Start of Working data

(* Assume Assumptions 1 and 2 (stated in the context). If, during an iteration of Algorithm 1 (the feasible interior point method described in the context), the line search returns a positive step size $\alpha$ and $\theta$ is updated to $\theta+d\alpha$, then the updated $\theta$ is a feasible solution of the semi-infinite program, i.e. $\text{dist}(b_i(t,\theta),o)\ge d_0$ for all bodies $i$ and all $t\in[0,T]$.
   Context: Problem. An articulated robot consists of finitely many rigid bodies. For a finite-dimensional trajectory parameter vector $\theta$ and a time $t\in[0,T]$ ($T>0$), the $i$-th body occupies a set $b_i(t,\theta)\subset\mathbb{R}^3$; static obstacles occupy $o\subset\mathbb{R}^3$. $\text{dist}(A,B)$ denotes the shortest Euclidean distance between sets $A,B$. Given a safe distance $d_0\ge 0$ and a twice differentiable cost $\mathcal{O}(\theta)$, the semi-infinite program (SIP) is: minimize $\mathcal{O}(\theta)$ subject to $\text{dist}(b_i(t,\theta),o)\ge d_0$ for all $i$ and all $t\in[0,T]$. A $\theta$ satisfying all constraints is feasible. Assumption 1: there are finite decompositions $b_i(t,\theta)=\bigcup_j b_{ij}(t,\theta)$ and $o=\bigcup_k o_k$ such that for each triple $(i,j,k)$ the function $(t,\theta)\mapsto \text{dist}(b_{ij}(t,\theta),o_k)$ is sufficiently smooth. Assumption 2: the feasible domain of $t$ and $\theta$ is bounded. Under these, there is a constant $L_1$ with $|\text{dist}(b_{ij}(t_1,\theta),o_k)-\text{dist}(b_{ij}(t_2,\theta),o_k)|\le L_1|t_1-t_2|$ for all $i,j,k,t_1,t_2,\theta$; the algorithm uses such an $L_1$. Barrier: $\mathcal{P}$ is a sufficiently smooth, monotonically decreasing function on $(0,\infty)$ with $\lim_{x\to0}\mathcal{P}(x)=\infty$, $\lim_{x\to\infty}\mathcal{P}(x)=0$. Set $\mathcal{P}_{ijk}(t,\theta)=\mathcal{P}(\text{dist}(b_{ij}(t,\theta),o_k)-d_0)$. Partitions: for each triple $(i,j,k)$ the algorithm maintains a finite partition of $[0,T]$ into closed intervals $[T_0^l,T_1^l]$ indexed by $l$; ''subdividing'' the term $(i,j,k,l)$ replaces $[T_0^l,T_1^l]$ in the partition of $(i,j,k)$ by $[T_0^l,(T_0^l+T_1^l)/2]$ and $[(T_0^l+T_1^l)/2,T_1^l]$. Define $\mathcal{P}_{ijkl}(\theta)=\mathcal{P}_{ijk}((T_0^l+T_1^l)/2,\theta)$ and, for $\mu>0$, $\mathcal{E}(\theta)=\mathcal{O}(\theta)+\mu\sum_{ijkl}(T_1^l-T_0^l)\mathcal{P}_{ijkl}(\theta)$ (sum over all triples and all intervals of their partitions). Search directions: $d^{(1)}=-\nabla_\theta\mathcal{E}$, or $d^{(2)}=\mathcal{M}(\nabla^2_\theta\mathcal{E})^{-1}d^{(1)}$ where $\mathcal{M}$ satisfies $\underline\beta I\preceq\mathcal{M}(H)\preceq\bar\beta I$ for fixed positive constants $\underline\beta,\bar\beta$. Wolfe condition: $\mathcal{E}(\theta+d\alpha)\le\mathcal{E}(\theta)+c\langle d\alpha,\nabla_\theta\mathcal{E}(\theta)\rangle$ with fixed $c\in(0,1)$. Safety check (Algorithm 2) at $\theta$: with $\psi(x)=L_1x/2+L_2x^\eta$ ($L_2,\eta>0$ constants), return some tuple $(i,j,k,l)$ with $\text{dist}(b_{ij}((T_0^l+T_1^l)/2,\theta),o_k)\le d_0+\psi(T_1^l-T_0^l)$ if one exists, else return None (''$\theta$ passes the safety check''). Line-Search($\theta,d,\epsilon_\alpha$) (Algorithm 3), with constants $\alpha_0>0,\gamma\in(0,1)$: set $\alpha=\alpha_0$, $\theta'=\theta+d\alpha$; while $\theta'$ fails the safety check or violates the Wolfe condition: if the safety check returned a tuple $(i,j,k,l)$, then if $\alpha\le\epsilon_\alpha$ set $\epsilon_\alpha\leftarrow\gamma\epsilon_\alpha$, subdivide $(i,j,k,l)$, re-evaluate $\mathcal{E}$ and recompute $d$ (as $d^{(1)}$ or $d^{(2)}$), otherwise set $\alpha\leftarrow\gamma\alpha$; if only the Wolfe condition fails set $\alpha\leftarrow\gamma\alpha$; then update $\theta'=\theta+d\alpha$ and re-run the safety check. Return $\alpha,\epsilon_\alpha$. Algorithm 1: input a feasible $\theta$, initial $\mu$, $\epsilon_\alpha,\epsilon_d,\epsilon_\mu>0$, $\gamma\in(0,1)$. While $\mu>\epsilon_\mu$: compute $d$; while $\|d\|_\infty>\epsilon_d$: $(\alpha,\epsilon_\alpha)\leftarrow$ Line-Search$(\theta,d,\epsilon_\alpha)$, $\theta\leftarrow\theta+d\alpha$, recompute $d$; then $\mu\leftarrow\gamma\mu$. Return $\theta$. *)

From HB Require Import structures.
From mathcomp Require Import all_boot all_order all_algebra.
From mathcomp Require Import all_classical all_reals all_analysis.
From Stdlib Require Import Relations.
Set Implicit Arguments. Unset Strict Implicit. Unset Printing Implicit Defensive.
Import Order.TTheory GRing.Theory Num.Theory.
Local Open Scope classical_set_scope.
Local Open Scope ring_scope.

Section SIP.
Variable R : realType.

Definition edist (a b : 'rV[R]_3) : R :=
  Num.sqrt (\sum_(i < 3) (a ord0 i - b ord0 i) ^+ 2).

(* Shortest Euclidean distance between two sets (infimum, +oo if a set is empty). *)
Definition set_dist (A B : set 'rV[R]_3) : \bar R :=
  ereal_inf [set (edist x.1 x.2)%:E | x in A `*` B].

Variables (n nb no : nat) (nj : 'I_nb -> nat).

(* index of a body piece b_ij : a pair (i, j) with j < nj i *)
Definition pidx := {i : 'I_nb & 'I_(nj i)}.

Definition feasible (body : 'I_nb -> R -> 'rV[R]_n -> set 'rV[R]_3)
  (obst : set 'rV[R]_3) (d0 T : R) (th : 'rV[R]_n) : Prop :=
  forall (i : 'I_nb) (t : R), 0 <= t <= T -> (d0%:E <= set_dist (body i t th) obst)%E.

(* s is a finite partition of [x, y] into consecutive closed intervals *)
Fixpoint chain (x y : R) (s : seq (R * R)) : Prop :=
  match s with
  | [::] => x = y
  | iv :: s' => iv.1 = x /\ iv.1 <= iv.2 /\ chain iv.2 y s'
  end.
Definition is_partition (T : R) (s : seq (R * R)) : Prop := chain 0 T s.

(* partitions of [0,T], one for each triple (i,j,k) *)
Definition Part := pidx -> 'I_no -> seq (R * R).

Definition midp (I : R * R) : R := (I.1 + I.2) / 2.

Definition psi (L1 L2 eta x : R) : R := L1 * x / 2 + L2 * x `^ eta.

Variables (pieces : pidx -> R -> 'rV[R]_n -> set 'rV[R]_3)
          (obs : 'I_no -> set 'rV[R]_3) (d0 L1 L2 eta : R).

(* the tuple (i,j,k,l) fails the safety test of Algorithm 2 at theta *)
Definition unsafe (p : Part) (th : 'rV[R]_n) (s : pidx) (k : 'I_no) (l : nat) : Prop :=
  (l < size (p s k))%N /\
  let I := nth (0, 0) (p s k) l in
  (set_dist (pieces s (midp I) th) (obs k) <= (d0 + psi L1 L2 eta (I.2 - I.1))%:E)%E.

(* theta passes the safety check (Algorithm 2 returns None) *)
Definition passes_safety (p : Part) (th : 'rV[R]_n) : Prop :=
  forall s k l, ~ unsafe p th s k l.

Definition subdivide (p : Part) (s : pidx) (k : 'I_no) (l : nat) : Part :=
  fun s' k' =>
    if (s' == s) && (k' == k) then
      let J := p s k in
      let I := nth (0, 0) J l in
      take l J ++ [:: (I.1, midp I); (midp I, I.2)] ++ drop l.+1 J
    else p s' k'.

Record ls_state := LS { ls_alpha : R; ls_eps : R; ls_part : Part; ls_dir : 'rV[R]_n }.

Variables (gamma : R)
  (* recomputation of the direction d (d^(1) or d^(2)) for given partitions *)
  (dir : Part -> 'rV[R]_n)
  (* wolfe p d a : theta + d a satisfies the Wolfe condition for the E built on p *)
  (wolfe : Part -> 'rV[R]_n -> R -> Prop)
  (th : 'rV[R]_n).

(* one iteration of the while loop of Line-Search (Algorithm 3) *)
Definition ls_step (st st' : ls_state) : Prop :=
  let: LS a e p d := st in
  let th' := th + a *: d in
  (exists s k l, unsafe p th' s k l /\ a <= e /\
     st' = LS a (gamma * e) (subdivide p s k l) (dir (subdivide p s k l)))
  \/ ((exists s k l, unsafe p th' s k l) /\ e < a /\ st' = LS (gamma * a) e p d)
  \/ (passes_safety p th' /\ ~ wolfe p d a /\ st' = LS (gamma * a) e p d).

Definition ls_returns (st0 st : ls_state) : Prop :=
  clos_refl_trans ls_state ls_step st0 st /\
  passes_safety (ls_part st) (th + ls_alpha st *: ls_dir st) /\
  wolfe (ls_part st) (ls_dir st) (ls_alpha st).

End SIP.

(* Since Line-Search only ever bisects intervals, every partition it maintains
   still covers [0, T].  If theta passes the safety check, then on each interval
   I of each partition the distance at the midpoint exceeds
   d0 + L1 |I| / 2 + L2 |I|^eta >= d0 + L1 |I| / 2, while the Lipschitz bound
   moves it by at most L1 |I| / 2 inside I; hence every piece stays at distance
   at least d0 from every obstacle at all times, and the distance between two
   unions is bounded below by the distances between their members. *)

From HB Require Import structures.
From mathcomp Require Import all_boot all_order all_algebra.
From mathcomp Require Import all_classical all_reals all_analysis.
From mathcomp Require Import lra.
From Stdlib Require Import Relations.
Set Implicit Arguments. Unset Strict Implicit. Unset Printing Implicit Defensive.
Import Order.TTheory GRing.Theory Num.Theory.
Local Open Scope classical_set_scope.
Local Open Scope ring_scope.

Section Chains.
Variable R : realType.
Implicit Types (x y t : R) (J : seq (R * R)).

Definition bisect (I : R * R) : seq (R * R) := [:: (I.1, midp I); (midp I, I.2)].

Lemma chain_le x y J : chain x y J -> x <= y.
Proof.
elim: J x => [|I J IH] x /=; first by move->.
by move=> [<- [le_I /IH]]; apply: le_trans.
Qed.

Lemma chain_bisect x y J l : chain x y J -> (l < size J)%N ->
  chain x y (take l J ++ bisect (nth (0, 0) J l) ++ drop l.+1 J).
Proof.
elim: J x l => [|I J IH] x [|l] //= [<- [le_I chJ]] lt_l.
- rewrite drop0 /midp; do !split => //; lra.
- by do !split => //; apply: IH.
Qed.

Lemma chain_cover x y J t : chain x y J -> x < y -> x <= t <= y ->
  exists2 l, (l < size J)%N &
    let I := nth (0, 0) J l in [/\ x <= I.1, I.1 <= t, t <= I.2 & I.2 <= y].
Proof.
elim: J x => [|I J IH] x /=; first by move=> ->; rewrite ltxx.
move=> [<- [le_I chJ]] lt_xy /andP[le_xt le_ty].
have [le_tI | lt_It] := leP t I.2.
  by exists 0%N => //=; split => //; apply: chain_le chJ.
have lt_Iy : I.2 < y := lt_le_trans lt_It le_ty.
have [|l lt_l [le_I1 le_t le_t2 le_y]] := IH I.2 chJ lt_Iy; first by rewrite (ltW lt_It).
by exists l.+1 => //=; split => //; apply: le_trans le_I1.
Qed.

End Chains.

Section LineSearchPartitions.
Variables (R : realType) (n nb no : nat) (nj : 'I_nb -> nat).
Variables (pieces : pidx nj -> R -> 'rV[R]_n -> set 'rV[R]_3)
  (obs : 'I_no -> set 'rV[R]_3) (d0 L1 L2 eta gamma T : R)
  (dir : Part R no nj -> 'rV[R]_n) (wolfe : Part R no nj -> 'rV[R]_n -> R -> Prop)
  (th : 'rV[R]_n).

Definition partitions_of (p : Part R no nj) : Prop :=
  forall s k, is_partition T (p s k).

Lemma subdivide_partitions p s k l : partitions_of p -> (l < size (p s k))%N ->
  partitions_of (subdivide p s k l).
Proof.
move=> p_part lt_l s' k'; rewrite /subdivide.
case: ifP => _; last exact: p_part.
exact: (chain_bisect (p_part s k) lt_l).
Qed.

Let step := ls_step pieces obs d0 L1 L2 eta gamma dir wolfe th.

Lemma ls_step_partitions st st' : step st st' ->
  partitions_of (ls_part st) -> partitions_of (ls_part st').
Proof.
case: st => a e p d /= [[s [k [l [[lt_l _] [_ ->]]]]] | [[_ [_ ->]] | [_ [_ ->]]]] //.
by move/subdivide_partitions; apply.
Qed.

Lemma ls_reach_partitions st st' : clos_refl_trans _ step st st' ->
  partitions_of (ls_part st) -> partitions_of (ls_part st').
Proof.
elim=> [x y /ls_step_partitions | // | x y z _ IHxy _ IHyz] //.
by move=> /IHxy/IHyz.
Qed.

End LineSearchPartitions.

Section SafetyCheck.
Variable R : realType.
Implicit Types (f : R -> R) (eta c t : R).

Lemma lipschitz_const_ge0 f (L1 a b : R) : a < b ->
  `|f a - f b| <= L1 * `|a - b| -> 0 <= L1.
Proof.
move=> lt_ab; have pos_ab : 0 < `|a - b| by rewrite normr_gt0 subr_eq0 lt_eqF.
by move/(le_trans (normr_ge0 _)); rewrite pmulr_lge0.
Qed.

Lemma midpoint_margin_ge f (L1 L2 : R) eta c (I : R * R) t :
  0 <= L1 -> 0 <= L2 -> I.1 <= t <= I.2 ->
  `|f (midp I) - f t| <= L1 * `|midp I - t| ->
  c + psi L1 L2 eta (I.2 - I.1) < f (midp I) -> c <= f t.
Proof.
move=> L1_ge0 L2_ge0 /andP[le_1t le_t2] lip; rewrite /psi => margin.
have dist_mid : `|midp I - t| <= (I.2 - I.1) / 2.
  by rewrite /midp ler_norml; apply/andP; split; lra.
have lip_mid : L1 * `|midp I - t| <= L1 * ((I.2 - I.1) / 2) by exact: ler_wpM2l.
have pow_ge0 : 0 <= L2 * (I.2 - I.1) `^ eta by rewrite mulr_ge0 ?powR_ge0.
move: lip; rewrite ler_norml => /andP[_ lip]; lra.
Qed.

Lemma safe_partition_ge f (L1 L2 : R) eta c (T : R) (J : seq (R * R)) :
  0 < T -> 0 <= L2 ->
  (forall t1 t2, 0 <= t1 <= T -> 0 <= t2 <= T -> `|f t1 - f t2| <= L1 * `|t1 - t2|) ->
  is_partition T J ->
  (forall l, (l < size J)%N -> let I := nth (0, 0) J l in
     c + psi L1 L2 eta (I.2 - I.1) < f (midp I)) ->
  forall t, 0 <= t <= T -> c <= f t.
Proof.
move=> T_gt0 L2_ge0 lip J_part safe t t_in.
have L1_ge0 : 0 <= L1.
  by apply: (lipschitz_const_ge0 (f := f) T_gt0); apply: lip; rewrite lexx ltW.
have [l lt_l [le_0 le_1t le_t2 le_T]] := chain_cover J_part T_gt0 t_in.
apply: (midpoint_margin_ge L1_ge0 L2_ge0 _ _ (safe l lt_l)).
  by rewrite le_1t le_t2.
by apply: lip => //; rewrite /midp; apply/andP; split; lra.
Qed.

End SafetyCheck.

Lemma le_set_dist_bigcup (R : realType) (I J : Type) (P : set I) (Q : set J)
    (A : I -> set 'rV[R]_3) (B : J -> set 'rV[R]_3) (c : \bar R) :
  (forall i j, P i -> Q j -> (c <= set_dist (A i) (B j))%E) ->
  (c <= set_dist (\bigcup_(i in P) A i) (\bigcup_(j in Q) B j))%E.
Proof.
move=> AB; apply/ereal_infP => _ [[x y] [[i Pi Aix] [j Qj Bjy]] <-].
apply: le_trans (AB i j Pi Qj) _; apply: ereal_inf_lbound.
by exists (x, y).
Qed.

Theorem theorem1 (R : realType) (n nb no : nat) (nj : 'I_nb -> nat)
  (T d0 L1 L2 eta alpha0 gamma eps0 : R)
  (body : 'I_nb -> R -> 'rV[R]_n -> set 'rV[R]_3)
  (pieces : pidx nj -> R -> 'rV[R]_n -> set 'rV[R]_3)
  (obst : set 'rV[R]_3) (obs : 'I_no -> set 'rV[R]_3)
  (D : pidx nj -> 'I_no -> R -> 'rV[R]_n -> R)
  (dir : Part R no nj -> 'rV[R]_n) (wolfe : Part R no nj -> 'rV[R]_n -> R -> Prop)
  (th d : 'rV[R]_n) (p0 : Part R no nj) (st : ls_state R n no nj) :
  0 < T -> 0 <= d0 -> 0 < L2 -> 0 < eta -> 0 < alpha0 -> 0 < gamma < 1 -> 0 < eps0 ->
  (* Assumption 1: finite decompositions with real-valued piecewise distances *)
  (forall (i : 'I_nb) t x, body i t x = \bigcup_(j in [set: 'I_(nj i)]) pieces (existT _ i j) t x) ->
  obst = \bigcup_(k in [set: 'I_no]) obs k ->
  (forall s k t x, set_dist (pieces s t x) (obs k) = (D s k t x)%:E) ->
  (* the Lipschitz constant L1 in t *)
  (forall s k x t1 t2, 0 <= t1 <= T -> 0 <= t2 <= T ->
     `|D s k t1 x - D s k t2 x| <= L1 * `|t1 - t2|) ->
  (* the partitions maintained by Algorithm 1 are partitions of [0,T] *)
  (forall s k, is_partition T (p0 s k)) ->
  (* Line-Search(theta, d, eps0) returns a positive alpha (final state st) *)
  ls_returns pieces obs d0 L1 L2 eta gamma dir wolfe th (LS alpha0 eps0 p0 d) st ->
  0 < ls_alpha st ->
  feasible body obst d0 T (th + ls_alpha st *: ls_dir st).
Proof.
move=> T_gt0 _ L2_gt0 _ _ _ _ body_pieces obst_obs distE lip p0_part.
move=> [reach [safe _]] _ i t t_in.
have part := ls_reach_partitions reach p0_part.
rewrite body_pieces obst_obs; apply: le_set_dist_bigcup => j k _ _.
rewrite distE lee_fin.
apply: (safe_partition_ge (eta := eta) T_gt0 (ltW L2_gt0) (lip _ k _) (part (existT _ i j) k)) => // l lt_l /=.
rewrite ltNge; apply/negP => unsafe_l; apply: (safe (existT _ i j) k l).
by split => //=; rewrite distE lee_fin.
Qed.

End of Working data

▸ Work task: Search the data above for the string "existT" and return every line that has it.

▸ Reply to the exercise:
  (forall (i : 'I_nb) t x, body i t x = \bigcup_(j in [set: 'I_(nj i)]) pieces (existT _ i j) t x) ->
apply: (safe_partition_ge (eta := eta) T_gt0 (ltW L2_gt0) (lip _ k _) (part (existT _ i j) k)) => // l lt_l /=.
rewrite ltNge; apply/negP => unsafe_l; apply: (safe (existT _ i j) k l).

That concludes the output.